Importance of the review
Most of the reviews and surveys cover the two stage object detection algorithms. To the best of our knowledge, this is the first review that covers the single stage object detection using specially YOLOs. Herein, we present an extensive review on single stage object detection algorithms based on underlying architectures, regression formulation, pros and cons, comparative and incremental approach in this category, popular datasets, results obtained, and future scope. The main contributions of this paper are summarized as follows:
Presenting the challenges and role of stages in the object detection process.
Brief explanation over two stage object detectors along with their applications.
Necessity of single stage object detectors and detailed review of YOLOs in terms of incremental architectural aspects, proposed optimization techniques, significance of loss function, and YOLOs based applications.
Comparative illustration between two stage and single stage object detectors, among different version of YOLOs in term of performance and results along with the future research direction in single stage object detectors.
Organization of the Paper
The rest of the paper is organized as follows.

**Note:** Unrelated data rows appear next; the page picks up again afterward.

(* Let $\pi\colon\mathcal{B}\to\mathcal{C}$ be a surjective open homomorphism of complete topological rings, let $I=\operatorname{Ker}(\pi)$ and let $\mathrm{e}\colon\mathcal{B}\to\mathcal{B}\{T\}$ be a restricted exponential homomorphism. Assume that $\mathrm{e}(I)\subseteq i_0(I)\mathcal{B}\{T\}$. Then there exists a unique restricted exponential homomorphism $\overline{\mathrm{e}}\colon\mathcal{C}\to\mathcal{C}\{T\}$ such that $\pi_T\circ\mathrm{e}=\overline{\mathrm{e}}\circ\pi$, where $\pi_T\colon\mathcal{B}\{T\}\to\mathcal{C}\{T\}$ is the unique homomorphism of topological $\mathcal{B}$-algebras mapping $T$ to $T$ (i.e. $\sum_ib_iT^i\mapsto\sum_i\pi(b_i)T^i$).
   Context: Conventions: topological rings are linearly topologized with a countable fundamental system of open ideals; homomorphisms are continuous; complete means the canonical map to $\varprojlim_{\mathfrak{a}}\mathcal{B}/\mathfrak{a}$ (open ideals, discrete quotients) is a topological isomorphism. For complete $\mathcal{B}$, $\mathcal{B}\{T\}$, $\mathcal{B}\{T,T'\}$ denote restricted power series (coefficients converging to $0$), topologized by the ideals of series with all coefficients in a given open ideal; $i_0\colon\mathcal{B}\to\mathcal{B}\{T\}$ is the inclusion as constant series, and $i_0(I)\mathcal{B}\{T\}$ is the ideal generated by the constant series in $I$. A restricted exponential homomorphism is a continuous ring homomorphism $\mathrm{e}\colon\mathcal{B}\to\mathcal{B}\{T\}$, $\mathrm{e}(b)=\sum_i\mathrm{e}_i(b)T^i$, with $\mathrm{e}_0=\mathrm{id}$ and $\sum_{i,j}\mathrm{e}_j(\mathrm{e}_i(b))T'^jT^i=\sum_\ell\mathrm{e}_\ell(b)(T+T')^\ell$ for all $b$. *)

(* Topological rings are commutative rings (possibly zero)
   whose linear topology is given by a countable fundamental system
   [a : nat -> B -> Prop] of ideals (neighbourhoods of 0). *)
From mathcomp Require Import all_boot all_algebra.
Set Implicit Arguments. Unset Strict Implicit. Unset Printing Implicit Defensive.
Import GRing.Theory.
Local Open Scope ring_scope.

Section Defs.
Variable B : comPzRingType.

Definition is_ideal (I : B -> Prop) : Prop :=
  [/\ I 0, (forall x y, I x -> I y -> I (x + y)) & (forall r x, I x -> I (r * x))].

Definition lin_top (a : nat -> B -> Prop) : Prop :=
  (forall n, is_ideal (a n)) /\
  (forall n m, exists k, forall x, a k x -> a n x /\ a m x).

Definition open_set (a : nat -> B -> Prop) (U : B -> Prop) : Prop :=
  forall x, U x -> exists n, forall y, a n y -> U (x + y).

Definition open_ideal (a : nat -> B -> Prop) (U : B -> Prop) : Prop :=
  is_ideal U /\ open_set a U.

(* completeness: the canonical map B -> lim_{open ideals U} B/U is bijective.
   An element of the inverse limit is represented by a compatible family of
   representatives [x U] (U open ideal), i.e. x U = x V mod U when V ⊆ U.
   (It is then automatically a topological isomorphism.) *)
Definition complete (a : nat -> B -> Prop) : Prop :=
  forall x : (B -> Prop) -> B,
    (forall U V, open_ideal a U -> open_ideal a V ->
       (forall z, V z -> U z) -> U (x U - x V)) ->
    exists y, (forall U, open_ideal a U -> U (y - x U)) /\
      (forall y', (forall U, open_ideal a U -> U (y' - x U)) -> y' = y).

(* coefficient sequences of elements of B{T}: coefficients converge to 0 *)
Definition restricted (a : nat -> B -> Prop) (s : nat -> B) : Prop :=
  forall n, exists N, forall i, (N <= i)%N -> a n (s i).

(* A restricted exponential homomorphism e : B -> B{T},
   e(b) = sum_i (e i b) T^i, described through its coefficients:
   - e(b) lies in B{T};
   - e is a ring homomorphism (product in B{T} is the Cauchy product);
   - e is continuous for the topology of B{T} whose fundamental system is
     the ideals of series with all coefficients in a given open ideal;
   - e_0 = id;
   - sum_{i,j} e_j(e_i(b)) T'^j T^i = sum_l e_l(b) (T+T')^l, compared
     coefficientwise: the coefficient of T'^j T^i on the right is
     binomial(i+j, i) e_{i+j}(b). *)
Definition is_rexp (a : nat -> B -> Prop) (e : nat -> B -> B) : Prop :=
  (forall b, restricted a (fun i => e i b)) /\
  (forall i, e i 1 = (i == 0%N)%:R) /\
  (forall i b b', e i (b + b') = e i b + e i b') /\
  (forall i b b', e i (b * b') = \sum_(j < i.+1) e j b * e (i - j)%N b') /\
  (forall n, exists m, forall b, a m b -> forall i, a n (e i b)) /\
  (forall b, e 0%N b = b) /\
  (forall i j b, e j (e i b) = 'C(i + j, i)%:R * e (i + j)%N b).

(* s ∈ i_0(I) B{T}: s = sum_{k<m} c_k f_k with c_k ∈ I constants and
   f_k ∈ B{T} (coefficientwise). *)
Definition in_i0_ideal (a : nat -> B -> Prop) (I : B -> Prop) (s : nat -> B) : Prop :=
  exists (m : nat) (c : 'I_m -> B) (f : 'I_m -> nat -> B),
    (forall k, I (c k)) /\ (forall k, restricted a (f k)) /\
    (forall i, s i = \sum_(k < m) c k * f k i).
End Defs.

Section Maps.
Variables B C : comPzRingType.
Definition continuous_map (a : nat -> B -> Prop) (c : nat -> C -> Prop) (f : B -> C) : Prop :=
  forall V, open_set c V -> open_set a (fun x => V (f x)).
Definition open_map (a : nat -> B -> Prop) (c : nat -> C -> Prop) (f : B -> C) : Prop :=
  forall U, open_set a U -> open_set c (fun y => exists2 x, U x & f x = y).
End Maps.

(* Since e is additive and maps I = Ker(pi) into i_0(I) B{T}, each coefficient
   map e_i sends I into I, hence descends along the surjection pi to
   ebar_i (pi b) := pi (e_i b).  Every axiom of a restricted exponential
   homomorphism is an identity between images under pi and so passes to ebar;
   restrictedness and continuity pass because pi is continuous and open.
   Uniqueness is forced by surjectivity of pi. *)
From mathcomp Require Import all_boot all_algebra.
Import GRing.Theory.
Local Open Scope ring_scope.

Lemma lin_top_open_ideal {B : comPzRingType} {a : nat -> B -> Prop} n :
  lin_top a -> open_set a (a n).
Proof. by case=> aI _ x ax; exists n => y ay; case: (aI n) => _ aD _; exact: aD. Qed.

Section Quotient.
Context {B C : comPzRingType} {a : nat -> B -> Prop} {c : nat -> C -> Prop}.
Context { pi : {rmorphism B -> C} }.
Hypotheses (top_a : lin_top a) (top_c : lin_top c).

Lemma in_i0_ideal_kernel {s : nat -> B} :
  in_i0_ideal a (fun x => pi x = 0) s -> forall i, pi (s i) = 0.
Proof.
move=> [m [k [f [pik [_ sE]]]]] i; rewrite sE rmorph_sum big1 // => j _.
by rewrite rmorphM pik mul0r.
Qed.

Lemma continuous_map_nbhs0 :
  continuous_map a c pi -> forall n, exists m, forall b, a m b -> c n (pi b).
Proof.
move=> pic n; have [c0 _ _] := top_c.1 n.
have [|m hm] := pic _ (lin_top_open_ideal n top_c) 0; first by rewrite rmorph0.
by exists m => b /hm; rewrite add0r.
Qed.

Lemma open_map_nbhs0 :
  open_map a c pi -> forall m, exists n, forall y, c n y -> exists2 b, a m b & pi b = y.
Proof.
move=> pio m; have [a0 _ _] := top_a.1 m.
have [|n hn] := pio _ (lin_top_open_ideal m top_a) 0; first by exists 0; rewrite ?rmorph0.
by exists n => y /hn; rewrite add0r.
Qed.

Variable e : nat -> B -> B.
Hypothesis e_additive : forall i b b', e i (b + b') = e i b + e i b'.
Hypothesis e_kernel :
  forall b, pi b = 0 -> in_i0_ideal a (fun x => pi x = 0) (fun i => e i b).

Lemma rexp_coef_congr i x x' : pi x = pi x' -> pi (e i x) = pi (e i x').
Proof.
move=> pixx'; have pi_d : pi (x - x') = 0 by rewrite rmorphB pixx' subrr.
rewrite -(subrK x' x) addrC e_additive rmorphD.
by rewrite (in_i0_ideal_kernel (e_kernel _ pi_d)) addr0.
Qed.

Hypothesis pi_surj : forall y : C, exists x : B, pi x = y.

Lemma pi_surj_eq y : exists x, pi x == y.
Proof. by have [x <-] := pi_surj y; exists x. Qed.

Definition pi_lift (y : C) : B := xchoose (pi_surj_eq y).

Lemma pi_liftK y : pi (pi_lift y) = y.
Proof. exact/eqP/(xchooseP (pi_surj_eq y)). Qed.

Definition rexp_quotient (i : nat) (y : C) : C := pi (e i (pi_lift y)).

Lemma rexp_quotientE i b : pi (e i b) = rexp_quotient i (pi b).
Proof. by apply: rexp_coef_congr; rewrite pi_liftK. Qed.

Lemma rexp_quotient_unique (ebar : nat -> C -> C) :
  (forall i b, pi (e i b) = ebar i (pi b)) -> forall i y, ebar i y = rexp_quotient i y.
Proof. by move=> ebarE i y; rewrite -(pi_liftK y) -ebarE rexp_quotientE. Qed.

Lemma is_rexp_quotient :
  continuous_map a c pi -> open_map a c pi -> is_rexp a e -> is_rexp c rexp_quotient.
Proof.
move=> pic pio [e_restr [e1 [_ [eM [e_cont [e0 eC]]]]]].
split; [|split; [|split; [|split; [|split; [|split]]]]].
- move=> y n; have [m hm] := continuous_map_nbhs0 pic n.
  have [N hN] := e_restr (pi_lift y) m.
  by exists N => i /hN /hm.
- by move=> i; rewrite -[1 in LHS](rmorph1 pi) -rexp_quotientE e1 rmorph_nat.
- move=> i y y'.
  by rewrite -(pi_liftK y) -(pi_liftK y') -rmorphD -!rexp_quotientE e_additive rmorphD.
- move=> i y y'; rewrite -(pi_liftK y) -(pi_liftK y') -rmorphM -rexp_quotientE eM.
  by rewrite rmorph_sum; apply: eq_bigr => j _; rewrite rmorphM -!rexp_quotientE.
- move=> n; have [n' hn'] := continuous_map_nbhs0 pic n.
  have [m' hm'] := e_cont n'; have [m hm] := open_map_nbhs0 pio m'.
  exists m => y /hm [b ab <-] i.
  by rewrite -rexp_quotientE; exact/hn'/hm'.
- by move=> y; rewrite /rexp_quotient e0 pi_liftK.
- by move=> i j y; rewrite -(pi_liftK y) -!rexp_quotientE eC rmorphM rmorph_nat.
Qed.

End Quotient.

Theorem proposition2p7 (B C : comPzRingType)
    (a : nat -> B -> Prop) (c : nat -> C -> Prop)
    (pi : {rmorphism B -> C}) (e : nat -> B -> B) :
  lin_top a -> lin_top c -> complete a -> complete c ->
  continuous_map a c pi -> open_map a c pi ->
  (forall y : C, exists x : B, pi x = y) ->
  is_rexp a e ->
  (forall b, pi b = 0 -> in_i0_ideal a (fun x => pi x = 0) (fun i => e i b)) ->
  exists ebar : nat -> C -> C,
    is_rexp c ebar /\
    (forall i b, pi (e i b) = ebar i (pi b)) /\
    (forall ebar' : nat -> C -> C, is_rexp c ebar' ->
       (forall i b, pi (e i b) = ebar' i (pi b)) ->
       forall i x, ebar' i x = ebar i x).
Proof.
move=> top_a top_c _ _ pic pio pi_surj e_rexp e_kernel.
have e_additive : forall i b b', e i (b + b') = e i b + e i b'.
  by case: e_rexp => [_ [_ []]].
exists (rexp_quotient e pi_surj); split; last split.
- exact: (is_rexp_quotient top_a top_c e e_additive e_kernel).
- exact: (rexp_quotientE e e_additive e_kernel).
- by move=> ebar' _; apply: (rexp_quotient_unique e e_additive e_kernel).
Qed.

Section 2 briefly covers some of the popular two stage object detectors such as RCNN, Fast-RCNN, and Faster-RCNN along with the applications of these two stage object detectors. Section 3 summarizes the architectural aspects of CNN along with several pretrained models such as VGG, Network in Network, ResNet, and GoogleLeNet, utilized in the different versions of YOLOs. Section 4 presents the detailed description of regression formulation, design concepts of YOLO, its architectural successors, and various applications based on different versions of YOLOs. Lastly, we summarize the paper by presenting comparative illustration between two stage and single stage object detector, comparative illustration among different version of YOLOs along with their statistical results and performance. This section also presents the future research directions in object detections at last. However, the detailed flow of the paper is illustrated using Fig. 4.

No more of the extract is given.